Posted on 03 February 2020 by Luke Jones

With Super Bowl LIV now in the books after Kansas City topped San Francisco, I’ve offered a dozen Ravens thoughts, each in 50 words or less:

1. After faltering as the top seed last year, the Chiefs lost their star quarterback for nearly three full games, held a 6-4 mark in November, and needed Week 17 help just to get a bye. That’s good inspiration for Baltimore, who will be hard-pressed to match its record-setting 14-2 campaign.

2. In case it weren’t obvious after the playoff loss to Tennessee, the Ravens offense’s need to be able to play off schedule more effectively was reinforced by Kansas City erasing double-digit deficits in each of its three postseason games. That’s not how you draw it up, but it’s remarkable nonetheless.

3. A year after winning NFL MVP, Patrick Mahomes became the youngest Super Bowl MVP quarterback and youngest to claim both honors. Lamar Jackson would be the youngest if he can repeat a Mahomes feat for a second straight season. These two facing off for years is going to be fun.

4. Terrell Suggs had two tackles and a quarterback hit as he won a second Super Bowl in his decorated 17-year career. In a SportsCenter interview, Suggs said he’ll take some time to ponder his future, but he’ll turn 38 in October. He’s unlikely to have a better ending than that.

5. Andy Reid could have hired a new special teams coordinator upon arriving in Philadelphia in 1999, but he chose to retain John Harbaugh, who had just completed his first year as an NFL assistant. The Ravens head coach had to feel good for his mentor finally winning that elusive ring.

6. The Baltimore defense will continue to lean on its superb secondary and plenty of blitzing, but watching the 49ers front four make Mahomes look so mortal for 3 1/2 quarters reiterated the work Eric DeCosta has to do in that department this offseason. Nick Bosa was a game-wrecker.

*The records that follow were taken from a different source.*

(* If p^r = k + 1 and U_(p^r)(c) = 0, then e = -U_k(c) satisfies e^2 = 1
   (Cassini) and M^(p^r) = e; as M and N = c - M are mutually inverse,
   Frobenius applied to c = M + N gives c^(p^r) = e + 1/e = 2 e. *)
Lemma frob_cheb_zero (c : K) r k : (p ^ r)%N = k.+1 -> cheb c k.+1 = 0 ->
  c ^+ (p ^ r) = 2 * - cheb c k /\ (- cheb c k) ^+ 2 = 1.
Proof.
move=> def_q chebq0; set e := - cheb c k.
have e2 : e ^+ 2 = 1.
  by have := cheb_cassini c k; rewrite chebq0 expr0n mulr0 subr0 add0r sqrrN.
split=> //; set M := cheb_mx c; set N := c%:M - M.
have Mq : M ^+ (p ^ r) = e%:M by rewrite def_q cheb_mx_pow chebq0 raddf0 mul0r sub0r -raddfN.
have MN : M * N = 1.
  by rewrite mulrBr -expr2 cheb_mx_sqr [M * _]comm_mx_scalar opprB addrC subrK.
have NM : N * M = 1 by rewrite mulrBl -expr2 cheb_mx_sqr opprB addrC subrK.
have cMN : GRing.comm M N by rewrite /GRing.comm MN NM.
have Nq : N ^+ (p ^ r) = e%:M.
  have ee : e%:M * e%:M = 1 :> 'M[K]_2 by rewrite -mulmxE -scalar_mxM -expr2 e2.
  have MNq : M ^+ (p ^ r) * N ^+ (p ^ r) = 1 by rewrite -(exprMn_comm _ cMN) MN expr1n.
  by rewrite -[LHS]mul1r -ee -mulrA -Mq MNq mulr1.
have := exprD_pchar_pow pcharMp r cMN.
rewrite [M + N]addrC subrK -rmorphXn Mq Nq -raddfD => /matrixP /(_ 0 0).
by rewrite !mxE /= !mulr1n => ->; rewrite mulr2n mulrDl mul1r.
Qed.

(* For odd p, U_(p^r)(c) = 0 only for c = 2 or c = -2: by Frobenius
   (c - 2 e)^(p^r) = c^(p^r) - 2 e^(p^r) = 0, using e^(p^r) = e. *)
Lemma cheb_pchar_root (c : K) r : odd p -> cheb c (p ^ r) = 0 -> c = 2 \/ c = -2.
Proof.
move=> odd_p; have [k def_q] : exists k, (p ^ r)%N = k.+1.
  by exists (p ^ r).-1; rewrite prednK ?pexp_gt0.
rewrite def_q => chebq0; have [cq e2] := frob_cheb_zero def_q chebq0.
set e := - cheb c k in cq e2.
have e_frob : e ^+ (p ^ r) = e.
  rewrite -(odd_double_half (p ^ r)) oddX odd_p orbT add1n exprS -muln2 mulnC exprM e2.
  by rewrite expr1n mulr1.
have : (c - 2 * e) ^+ (p ^ r) == 0.
  by rewrite (exprB_pchar_pow pcharKp _ (mulrC _ _)) exprMn natr_pchar_pow // e_frob cq subrr.
rewrite expf_eq0 pexp_gt0 subr_eq0 => /eqP ->.
by move/eqP: e2; rewrite sqrf_eq1 => /orP [] /eqP ->; [left | right]; rewrite ?mulr1 ?mulrN1.
Qed.

(* Consequently, for n + 1 = p^r (m + 1) with r >= 1 (so p | n + 1, which
   makes U_(n+1)(+-2) = +-(n+1) vanish), the zeros of U_(n+1) are +-2 and
   the zeros of U_(m+1). *)
Lemma cheb_pchar_zero (c : K) r m : odd p -> (0 < r)%N ->
  cheb c (p ^ r * m.+1) = 0 <-> [\/ c = 2, c = -2 | cheb c m.+1 = 0].
Proof.
move=> odd_p r_gt0; rewrite mulnC.
have N_eq0 : ((m.+1 * p ^ r)%:R : K) = 0.
  apply/eqP; rewrite -(dvdn_pcharf pcharKp) dvdn_mull //.
  by rewrite -[X in (X %| _)%N]expn1 dvdn_exp2l.
split=> [|[->|->|chebc0]]; last first.
- by rewrite cheb_mul_pchar chebc0 expr0n gtn_eqF ?pexp_gt0 // mul0r.
- by rewrite cheb_opp cheb_two N_eq0 mulr0.
- by rewrite cheb_two.
rewrite cheb_mul_pchar => /eqP; rewrite mulf_eq0 expf_eq0 pexp_gt0 /=.
case/orP => /eqP; first by constructor 3.
by case/cheb_pchar_root=> // ->; [constructor 1 | constructor 2].
Qed.

End ChebyshevCharP.

(* Part 2: eigenvalues of the tridiagonal Toeplitz matrix. *)
Section TridiagonalToeplitz.
Variable K : fieldType.
Implicit Types (al be : K).

Lemma hatT_row_mul n al be (w : nat -> K) (j : 'I_n) : w 0%N = 0 ->
  ((\row_(k < n) w k.+1) *m hatT n al be) 0 j =
  al * w j.+1 + be * w j + (if (j.+1 < n)%N then be * w j.+2 else 0).
Proof.
move=> w0; rewrite mxE.
have entry (k : 'I_n) : w k.+1 * hatT n al be k j =
    (if k == j :> nat then al * w k.+1 else 0)
  + (if k.+1 == j :> nat then be * w k.+1 else 0)
  + (if k == j.+1 :> nat then be * w k.+1 else 0).
  rewrite !mxE -(inj_eq val_inj) /= [(j.+1 == _)]eq_sym.
  by do 3 (case: eqP => ? /=);
    rewrite ?mulr0 ?addr0 ?add0r ?[al * _]mulrC ?[be * _]mulrC //; lia.
have delta (F : nat -> K) i :
    \sum_(k < n) (if k == i :> nat then F k else 0) = if (i < n)%N then F i else 0.
  by rewrite -big_mkcond big_ord1_eq.
under eq_bigr => k _ do rewrite mxE entry.
rewrite !big_split /= (delta (fun k => al * w k.+1)) (delta (fun k => be * w k.+1)) ltn_ord.
congr (_ + _ + _); clear entry; case: j => [[|j] lt_jn] /=; first by rewrite big1 ?w0 ?mulr0.
by rewrite (delta (fun k => be * w k.+1)) ltnW.
Qed.
(* Let $q \geq 5$ be a prime power and let $\mathcal{X}$ be a plane curve of degree $q-1$ defined over $\mathbb{F}_q$ without $\mathbb{F}_q$-linear components with $\mathrm{N}_q(\mathcal{X}) = (q-1)^2$. Then the set $\mathcal{X}(\mathbb{F}_q) \subseteq \mathbb{P}^2(\mathbb{F}_q)$ is a $((q-1)^2, q-1)$-arc.
   Context: $\mathcal{X}(\mathbb{F}_q) = \mathcal{X} \cap \mathbb{P}^2(\mathbb{F}_q)$ and $\mathrm{N}_q(\mathcal{X}) = \#\mathcal{X}(\mathbb{F}_q)$. ''Without $\mathbb{F}_q$-linear components'' means no line defined over $\mathbb{F}_q$ is a component. A $(k,n)$-arc in $\mathbb{P}^2(\mathbb{F}_q)$ is a set of $k$ points such that every line of $\mathbb{P}^2(\mathbb{F}_q)$ contains at most $n$ of its points and some line contains exactly $n$ of its points. *)

From HB Require Import structures.
From mathcomp Require Import all_boot all_order all_algebra all_field.
From mathcomp Require Import mpoly.
Set Implicit Arguments. Unset Strict Implicit. Unset Printing Implicit Defensive.
Import GRing.Theory.
Local Open Scope ring_scope.

(* Points of P^2(F) are represented by normalized homogeneous coordinates:
   nonzero vectors of F^3 whose first nonzero coordinate is 1. Each point
   of P^2(F) has exactly one such representative. *)
Definition normalized (F : fieldType) (v : 'I_3 -> F) : bool :=
  [exists i : 'I_3, [&& v i == 1 & [forall j : 'I_3, (j < i)%N ==> (v j == 0)]]].

Definition P2 (F : finFieldType) : {set {ffun 'I_3 -> F}} :=
  [set v : {ffun 'I_3 -> F} | normalized v].

(* Lines of P^2(F): given by a normalized coefficient vector a,
   the line a_0 X_0 + a_1 X_1 + a_2 X_2 = 0. *)
Definition on_line (F : fieldType) (a v : 'I_3 -> F) : bool :=
  \sum_(i < 3) a i * v i == 0.

Definition linform (F : fieldType) (a : 'I_3 -> F) : {mpoly F[3]} :=
  \sum_(i < 3) (a i)%:MP * 'X_i.

Definition mdivides (F : fieldType) (p q : {mpoly F[3]}) : Prop :=
  exists r : {mpoly F[3]}, q = p * r.

Definition no_Fq_linear_component (F : finFieldType) (P : {mpoly F[3]}) : Prop :=
  forall a : 'I_3 -> F, (exists i, a i != 0) -> ~ mdivides (linform a) P.

Definition rat_points (F : finFieldType) (P : {mpoly F[3]}) : {set {ffun 'I_3 -> F}} :=
  [set v in P2 F | P.@[v] == 0].

Definition is_arc (F : finFieldType) (S : {set {ffun 'I_3 -> F}}) (k n : nat) : Prop :=
  [/\ S \subset P2 F, #|S| = k,
      (forall a : {ffun 'I_3 -> F}, a \in P2 F ->
          #|[set v in S | on_line a v]| <= n)%N &
      exists2 a : {ffun 'I_3 -> F}, a \in P2 F & #|[set v in S | on_line a v]| = n].
Lemma sum_regroup (T : eqType) (V : zmodType) (s u : seq T) (F : T -> V) :
  uniq s -> {subset u <= s} ->
  \sum_(w <- u) F w = \sum_(v <- s) \sum_(w <- u | w == v) F w.
Proof.
move=> us sub; rewrite (exchange_big_dep xpredT) //=.
apply: eq_big_seq => w wu; rewrite big_mkcond (bigD1_seq w) ?sub //=.
by rewrite eqxx big1 ?addr0 // => v vw; rewrite eq_sym (negbTE vw).
Qed.

Lemma sum_filter_vanishing (T : eqType) (V : zmodType) (t : seq T) (P : pred T)
  (G : T -> V) :
  (forall v, v \in t -> ~~ P v -> G v = 0) ->
  \sum_(v <- seq.filter P t) G v = \sum_(v <- t) G v.
Proof.
move=> G0; rewrite big_filter big_mkcond; apply: eq_big_seq => v vt.
by case: ifP => // /negbT /(G0 v vt) ->.
Qed.

Lemma sum_extend_by_zero (T : eqType) (V : zmodType) (s tau : seq T) (G : T -> V) :
  uniq s -> uniq tau -> {subset s <= tau} ->
  \sum_(v <- tau) (if v \in s then G v else 0) = \sum_(v <- s) G v.
Proof.
move=> us ut sub; rewrite -big_mkcond -big_filter; apply: perm_big.
apply: uniq_perm; [exact: filter_uniq | exact: us |] => v.
by rewrite mem_filter; apply/andP/idP => [[]//|vs]; split=> //; exact: sub.
Qed.

Section Barycentric.
Variables (R : realType) (m : nat).
Implicit Types (s t u : seq 'rV[R]_m) (x y z : 'rV[R]_m).

Lemma conv_perm s t : perm_eq s t -> conv s = conv t.
Proof.
move=> pst; apply/seteqP; split=> x [lam [h0 [h1 hx]]]; exists lam.
- by rewrite -!(perm_big _ pst); split=> // v; rewrite -(perm_mem pst); apply: h0.
- by rewrite !(perm_big _ pst); split=> // v; rewrite (perm_mem pst); apply: h0.
Qed.

Lemma relint_perm s t : perm_eq s t -> relint s = relint t.
Proof.
move=> pst; apply/seteqP; split=> x [lam [h0 [h1 hx]]]; exists lam.
- by rewrite -!(perm_big _ pst); split=> // v; rewrite -(perm_mem pst); apply: h0.
- by rewrite !(perm_big _ pst); split=> // v; rewrite (perm_mem pst); apply: h0.
Qed.
Lemma exprmx_le_invmx_1B m i j : (M ^+ m) i j <= P i j.
Proof.
have near_le : \forall N \near \oo, (M ^+ m) i j <= (\sum_(k < N) M ^+ k) i j.
  exists m.+1 => // N /= m_lt_N; rewrite summxE.
  exact: ler_sum_term (Ordinal m_lt_N) (fun k => exprmx_ge0 M_ge0 k i j).
have := closed_cvg _ (@closed_ge R _) near_le _ (@cvg_geometric_series_mx i j).
by apply.
Qed.

Lemma invmx_1B_gt0 (e : rel 'I_n) : (forall x y, e x y -> 0 < M x y) ->
  forall i j, connect e i j -> 0 < P i j.
Proof.
move=> M_e i j /connectP [p e_p ->].
exact: lt_le_trans (exprmx_path_gt0 M_ge0 M_e e_p) (exprmx_le_invmx_1B _ _ _).
Qed.

End NeumannSeries.

Section WeightedAdjacency.
Variables (R : realType) (n : nat) (E : finType).
Variables (src tgt : E -> 'I_n) (w : E -> R).
Hypothesis w_gt0 : forall e, 0 < w e.

Lemma wadj_ge0 i j : 0 <= wadj src tgt w i j.
Proof. by rewrite mxE sumr_ge0 // => e _; rewrite ltW. Qed.

Lemma wadj_sym i j : wadj src tgt w i j = wadj src tgt w j i.
Proof. by rewrite !mxE; apply: eq_bigl => e; rewrite orbC. Qed.

Lemma wadj_gt0 i j : mg_adjacent src tgt i j -> 0 < wadj src tgt w i j.
Proof.
case/existsP=> e e_ij; rewrite mxE (bigD1 e) //= ltr_pwDl //.
by rewrite sumr_ge0 // => e' _; rewrite ltW.
Qed.

End WeightedAdjacency.

Section Balancing.
Variables (R : realType) (n : nat) (c : R) (A : 'M[R]_n).

Definition balancing_loop (v : 'I_n) : R := 1 - c * (1 + \sum_j A v j).

Definition balanced : 'M[R]_n := c *: A + diag_mx (\row_v balancing_loop v).

Lemma balancedE i j : balanced i j = c * A i j + balancing_loop i *+ (i == j).
Proof. by rewrite !mxE. Qed.

Lemma balanced_1B : 1%:M - balanced = c *: (1%:M + laplacian A).
Proof.
apply/matrixP => i j; rewrite !mxE /balancing_loop.
by case: eqP => [<-|_]; rewrite ?mulr1n ?mulr0n; ring.
Qed.

Lemma sum_row_balanced i : \sum_j balanced i j = 1 - c.
Proof.
under eq_bigr do rewrite balancedE.
by rewrite big_split /= sum_mulrn_eq -mulr_sumr /balancing_loop; ring.
Qed.

Lemma balanced_sym : (forall i j, A i j = A j i) ->
  forall i j, balanced i j = balanced j i.
Proof.
by move=> A_sym i j; rewrite !balancedE A_sym eq_sym; case: eqP => [->|].
Qed.

Lemma balanced_ge_scaled : (forall v, 0 <= balancing_loop v) ->
  forall i j, c * A i j <= balanced i j.
Proof. by move=> loop_ge0 i j; rewrite balancedE lerDl mulrn_wge0. Qed.

End Balancing.

Definition balancing_scale (R : realType) (n : nat) (A : 'M[R]_n) : R :=
  (1 + \sum_i \sum_j A i j)^-1.

Section BalancingScale.
Variables (R : realType) (n : nat) (A : 'M[R]_n).
Hypothesis A_ge0 : forall i j, 0 <= A i j.

Lemma balancing_scale_gt0 : 0 < balancing_scale A.
Proof.
by rewrite invr_gt0 ltr_pwDl // !sumr_ge0 // => i _; rewrite sumr_ge0.
Qed.

Lemma balancing_scale_le1 : balancing_scale A <= 1.
Proof.
by rewrite invf_le1 ?lerDl ?ltr_pwDl // !sumr_ge0 // => i _; rewrite sumr_ge0.
Qed.

Lemma balancing_loop_scale_ge0 v : 0 <= balancing_loop (balancing_scale A) A v.
Proof.
have tot_ge0 : 0 <= \sum_i \sum_j A i j.
  by rewrite sumr_ge0 // => i _; rewrite sumr_ge0.
rewrite subr_ge0 /balancing_scale mulrC ler_pdivrMr ?mul1r ?lerD2l.
  by apply: ler_sum_term v _ => i; rewrite sumr_ge0.
by rewrite ltr_pwDl.
Qed.

End BalancingScale.

Lemma log_dist_scale (R : realType) (n : nat) (theta k : R) (M : 'M[R]_n) i j :
  0 < k -> (forall a b, 0 < M a b) ->
  log_dist theta (k *: M) i j = log_dist theta M i j.
Proof.
move=> k_gt0 M_gt0; rewrite /log_dist !mxE !lnM ?posrE //.
by field.
Qed.

Theorem theorem7 (R : realType) (n : nat) (E : finType)
  (src tgt : E -> 'I_n) (w : E -> R)
  (Aset : set R) (phi : R -> R -> R) (theta : R -> R) :
  (2 <= n)%N ->
  mg_connected src tgt ->
  (forall e, 0 < w e) ->
  (forall alpha, alpha \in Aset -> forall x, 0 < x -> 0 < phi alpha x) ->
  (forall alpha, alpha \in Aset -> 0 < theta alpha) ->
  forall alpha, alpha \in Aset ->
  let Aalpha := wadj src tgt (fun e => phi alpha (w e)) in
  exists c : R, 0 < c /\
  exists loop : 'I_n -> R, (forall v, 0 <= loop v) /\
  let At := c *: Aalpha + diag_mx (\row_v loop v) in
  (exists s : R, forall i, \sum_j At i j = s) /\
  spectral_radius_lt1 At /\
  (1%:M - At) \in unitmx /\
  (forall i j, (fun N : nat => ((\sum_(k < N) At ^+ k) i j : R)) @ \oo -->
                 (invmx (1%:M - At) i j : R)) /\
  forall i j : 'I_n,
    forest_dist (theta alpha) Aalpha i j =
    log_dist (theta alpha) (invmx (1%:M - At)) i j.
Proof.
move=> _ connected w_gt0 phi_gt0 _ alpha alpha_in A.
have wphi_gt0 e : 0 < phi alpha (w e) by apply: phi_gt0.
have A_ge0 := wadj_ge0 src tgt wphi_gt0.
pose c := balancing_scale A.
have c_gt0 : 0 < c := balancing_scale_gt0 A_ge0.
have loop_ge0 := balancing_loop_scale_ge0 A_ge0.
exists c; split => //; exists (balancing_loop c A); split => //.
rewrite -/(balanced c A); set B := balanced c A.
have B_ge0 i j : 0 <= B i j.
  exact: le_trans (mulr_ge0 (ltW c_gt0) (A_ge0 i j)) (balanced_ge_scaled _ _ _).
have B_row := sum_row_balanced c A.
have B_sym i j : B i j = B j i := balanced_sym c (wadj_sym src tgt _) i j.
have B_col j : \sum_i B i j = 1 - c.
  by under eq_bigr do rewrite B_sym; apply: B_row.
have r_lt1 : 1 - c < 1 by rewrite ltrBlDr ltrDl.
have r_ge0 : 0 <= 1 - c by rewrite subr_ge0 balancing_scale_le1.
have unit_1B := unitmx_1B_col_sum_lt1 B_ge0 B_col r_lt1.
have B_adj x y : mg_adjacent src tgt x y -> 0 < B x y.
  move=> adj; apply: lt_le_trans (balanced_ge_scaled loop_ge0 x y).
  by rewrite mulr_gt0 ?wadj_gt0.
split; first by exists (1 - c).
split; first exact: spectral_radius_lt1_col_sum B_ge0 B_col r_lt1.
split=> //; split.
  exact: cvg_geometric_series_mx B_ge0 B_row r_ge0 r_lt1 unit_1B.
have Q_E : invmx (1%:M + laplacian A) = c *: invmx (1%:M - B).
  rewrite /B balanced_1B invmxZ ?scalerA ?mulfV ?gt_eqF ?scale1r //.
  by rewrite -balanced_1B.
move=> i j; rewrite /forest_dist Q_E log_dist_scale // => a b.
have conn_ab : connect (mg_adjacent src tgt) a b := connected a b.
exact: (invmx_1B_gt0 B_ge0 B_row r_ge0 r_lt1 unit_1B B_adj conn_ab).
Qed.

7. Former Ravens fullback Kyle Juszczyk scored San Francisco’s first touchdown and was one yard shy of a second in the third quarter. The 49ers paid a steep price for him in free agency three years ago, but he just finished his fourth straight Pro Bowl campaign. Not bad.

8. Steve Hutchinson being elected to the Pro Football Hall of Fame was good for Marshal Yanda. The 12-year guard had seven Pro Bowls, five first-team All-Pro selections, and two second-team selections. Yanda has eight Pro Bowls, two first-team All-Pro selections, five second-team nods, and a Super Bowl ring.

9. I was surprised the vote for NFL Coach of the Year wasn’t a little closer between Harbaugh and Kyle Shanahan. Harbaugh was my choice, but the 49ers going from 4-12 a year ago to 13-3 is the kind of turnaround that often sways voters.

10. Jonathan Ogden, Ray Lewis, Ed Reed, and Colts legends Lenny Moore and Raymond Berry being part of the on-field ceremony honoring the NFL 100 all-time team reminded how tremendous Baltimore’s football history is. Johnny Unitas, John Mackey, Jim Parker, and Gino Marchetti were also selected.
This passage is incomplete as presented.